Object detection, 3D detection, and pose estimation using center point detection:

MIT License

7.29k stars 1.93k forks source link

How should the heat map loss be refined for a multi-label object detection problem? #763

Open Eddiesyn opened 4 years ago

Eddiesyn commented 4 years ago

As in the paper said, 'training objective is a penalty-reduced pixel-wise logistic regression with focal loss'. I would assume this loss can be applied directly in multi-label case? And if it is the case, how should the decode of it be processed?

xingyizhou commented 4 years ago

Yes, it can take care of multi-label by default. No code changes are needed. The decode extract peaks from different channels separately.

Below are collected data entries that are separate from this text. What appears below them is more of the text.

Definition factors (C : Category) (A B X : C) (f : hom A X) (g : hom B X) : Prop :=
  exists h : hom A B, comp g h = f.

(** Subobjects: monos into X, compared by factorization; the poset Sub(X)
    is the quotient of this preorder, so equality in Sub(X) is [sub_eq]. *)
Record Sub (C : Category) (X : C) := {
  sdom : C;
  sarr : hom sdom X;
  smono : mono sarr
}.
Arguments sdom {C X} _.
Arguments sarr {C X} _.
Arguments smono {C X} _ : rename.

Definition sub_le (C : Category) (X : C) (m n : Sub X) : Prop :=
  factors (sarr m) (sarr n).
Definition sub_eq (C : Category) (X : C) (m n : Sub X) : Prop :=
  sub_le m n /\ sub_le n m.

Eddiesyn commented 4 years ago

Thank you for your reply.

What if one object is extracted to have different centers (peaks) at different channels (for example, two centers corresponding to two channels are extracted as neighbours) but they actually belong to one object. For single label classification case we could simply choose the higher score one, while for multi-label case this could be very dodgy.

xingyizhou commented 4 years ago

We will produce two objects in this case. As far as I know, Faster RCNN also produces two bounding boxes for the same proposal as long as the score after softmax is larger than 0.05. See the implementation of multi-class NMS in the detectron2 codebase.